27 thoughts on “Update: Gratitude, Books, and Bees

  1. I was once stung by a wasp in my study in December. It had come from a nest in the wall

  2. Ah, what a wonderful tale about trying to relocate a wild bee colony.

    Actually, I think bee keeping is an admirable pursuit, even for a ‘Vegan’ with principles. Our bee populations are crashing, so providing homes (and protection) for them is crucial.

    And as for taking the honey… Well in olden days, when Monks tended bees to take honey for mead, they only took a small percentage…the over productions created for stores. The rest was left for the bees use. In winter, bees need replenishment if those stores aren’t available, so sugar supplementation is crucial.

    Most commercial company hives take most of the honey, replacing it with High Fructose Corn Syrup. This is rubbish food and is likely, in part, responsible for bees with weakened immune systems. It seems cruel to me, and is the main reason Vegans eschew honey consumption.

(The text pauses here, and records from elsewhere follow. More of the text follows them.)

Arguments is_colimit {I} J {le X} x Y c.

Definition is_limit_elt (I : Type) (le : I -> I -> Prop) (bot b : I) : Prop :=
  b <> bot /\ forall a, lt_of le a b -> exists c, lt_of le a c /\ lt_of le c b.

Definition is_succ_of (I : Type) (le : I -> I -> Prop) (a b : I) : Prop :=
  lt_of le a b /\ forall c, lt_of le a c -> le b c.

Definition is_cocontinuous (I : Type) (le : I -> I -> Prop) (bot : I)
    (X : I -> mcSet) (x : forall a b, le a b -> mmap (X a) (X b)) : Prop :=
  forall b, is_limit_elt le bot b ->
    is_colimit (fun a => lt_of le a b) x (X b)
               (fun a (ja : lt_of le a b) => x a b (proj1 ja)).

(* The standard cubes, comical cubes, open boxes, markings             *)

Lemma sig_eqP (A : Type) (P : A -> Prop) (a b : {x : A | P x}) :
  proj1_sig a = proj1_sig b -> a = b.
Proof.
case: a => a pa; case: b => b pb /= Hab; subst b.
by rewrite (proof_irrelevance _ pa pb).
Qed.

Definition rep_cell (m n : nat) := {f : cube n -> cube m | boxmap f}.

Definition rep_act (m : nat) m' n' (g : cube m' -> cube n') (pg : boxmap g)
    (x : rep_cell m n') : rep_cell m m' :=
  exist (fun h => boxmap h) (fun v => proj1_sig x (g v)) (bm_comp pg (proj2_sig x)).

Definition rep (m : nat) : cSet.
Proof.
apply: (@CSet (rep_cell m) (@rep_act m)).
- by move=> n p x; apply: sig_eqP.
- by move=> m' n q f g pf pg pgf x; apply: sig_eqP.
- move=> m' n f g pf pg x Hfg; apply: sig_eqP => /=.
  by apply: functional_extensionality => v; rewrite Hfg.
Defined.

Definition forbidden (k : nat) (e : bool) (q : nat * bool) : bool :=
  [|| (q.1 == k.-1) && (q.2 == e), q.1 == k | (q.1 == k.+1) && (q.2 == e)].

(* marking of  box^m_{k,e}: the degenerate cubes, and the non-degenerate
   positive-dimensional faces whose normal form has no forbidden factor
   (the top cube, with empty normal form, is marked) *)
Definition comb_mark (m k : nat) (e : bool) n (x : cell (rep m) n) : Prop :=
  degenerate x \/
  (0 < n /\ exists (g : cube n -> cube m) (l : seq (nat * bool)),
      [/\ face_nf g l, proj1_sig x =1 g & all (fun q => ~~ forbidden k e q) l]).

Arguments comb_mark m k e {n} x.

Lemma comb_mark_pos m k e n (x : cell (rep m) n) : comb_mark m k e x -> 0 < n.
Proof. by case=> [/degenerate_pos|[]]. Qed.

Definition comb (m k : nat) (e : bool) : mcSet :=
  @MCSet (rep m) (@comb_mark m k e) (@comb_mark_pos m k e)
         (fun n x H => or_introl H).

(* the open box sqcap^{p+1}_{k,e}: union of the codimension-one faces of
   box^{p+1} other than d_{k,e}, i.e. the cubes factoring through some
   d_{i,d} : box^p -> box^{p+1} with (i,d) <> (k,e) *)
Definition in_open (p k : nat) (e : bool) n (f : cube n -> cube p.+1) : Prop :=
  exists (i : nat) (d : bool) (g : cube n -> cube p),
    [/\ 0 < i <= p.+1, (i, d) != (k, e), boxmap g & f =1 (fun v => face p i d (g v))].

Arguments in_open p k e {n} f.

Definition open_cell (p k : nat) (e : bool) (n : nat) :=
  {f : cube n -> cube p.+1 | boxmap f /\ in_open p k e f}.

Lemma in_open_act p k e m n (g : cube m -> cube n) (pg : boxmap g)
    (f : cube n -> cube p.+1) :
  boxmap f /\ in_open p k e f ->
  boxmap (fun v => f (g v)) /\ in_open p k e (fun v => f (g v)).
Proof.
case=> bf [i [d [h [Hi Hid bh Hf]]]]; split; first exact: bm_comp.
exists i, d, (fun v => h (g v)); split=> //; first exact: bm_comp.
Qed.

Definition open_act (p k : nat) (e : bool) m n (g : cube m -> cube n)
    (pg : boxmap g) (x : open_cell p k e n) : open_cell p k e m :=
  exist _ (fun v => proj1_sig x (g v)) (in_open_act pg (proj2_sig x)).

  3. Bee Keeper in on my Bucket List! Have a great day.

  4. How exciting for your story to be in such a book!!! So happy for you, and well deserved…it’s a story worth sharing, for sure💕

  5. Nice!
    Yes, you’ve definitely garnered a lot of congratulations on your submission! We’re all delighted, couldn’t have happened to a nicer gal!
    I used to want to keep bees. But then I became allergic, so now I admire them from AFAR 🙂

    • Thank you, Joey for such a lovely congratulations! I was stung back in first grade trying to catch bees in a paper towel at recess. (Bad peer influence.) 😦 Since there were no ill effects, I’m assuming I’m not allergic. But you BECAME allergic. I guess I need to be careful. Bees are admirable creatures, near or far.

  6. Hi JoAnna, How are you? Sorry if I don’t read your blog regularly as I used to. I got so much stuff going on in my life. Please don’t think I forgot you. 😦 I started reading your book and finished its first chapter so far. I have to say you are a very strong person with great memory. How could you remember your first date with all those juicy details. It is really fantastic. I barely can remember what I had for lunch😩…. Your sincerely and friendly writing style is very admirable and inspiring. Please NEVER give up on writing… I keep you updated as I read other chapters. Take a very good care of yourself my friend. 💕💕💕

    • It’s so nice to hear from you! I completely understand about having a lot going on. Thank you for reading my book! I remember that first date better than what I had for lunch! 🙂 David and I put our heads together to remember some of this. Later events I found in my journals. Some things make a big impression on us. You take care, too! ❤

  7. Congratulations!!!! And I’m so excited about Your bee adventure! That’s something I plan to do in about 3 years when time is more available. It will be fun watching Your journey! Thank You and Cheers!!! 😊🦋☀️🐝🌼

  8. So interesting to read about ‘your’ bees. We had thousands in a wall space in our French house two summers ago. We could hear their activity in the wall cavity and had no idea what to do! We were lucky to get someone who came and cut out a section of wall just like I see in your photo here – this is only the 2nd time I have seen this. The honeycomb made a real drippy mess all over the place. They brought a hive into our garden to attract the bees from the hole they were entering in the house over the next few days but sadly they weren’t over successful with bee numbers. The thousands of bees did disappear somewhere though. I like to think the queen sneaked out behind our backs and her team followed her somewhere they were more welcome! The beekeeper left happy with some bees, the hole was made good and I have a lot more respect for bees now I understand a bit more about them making a home and not just being there to bother us humans.

    • Thank you for sharing this experience. Bees really are fascinating. I’m glad the bee keeper gave them options. I have wondered why a group of bees would prefer a box hive made by humans over a tree or other natural structure, but if they will build in a wall, I guess it depends on the particular community. I’ve seen pictures of bees making a hive in the door of a car!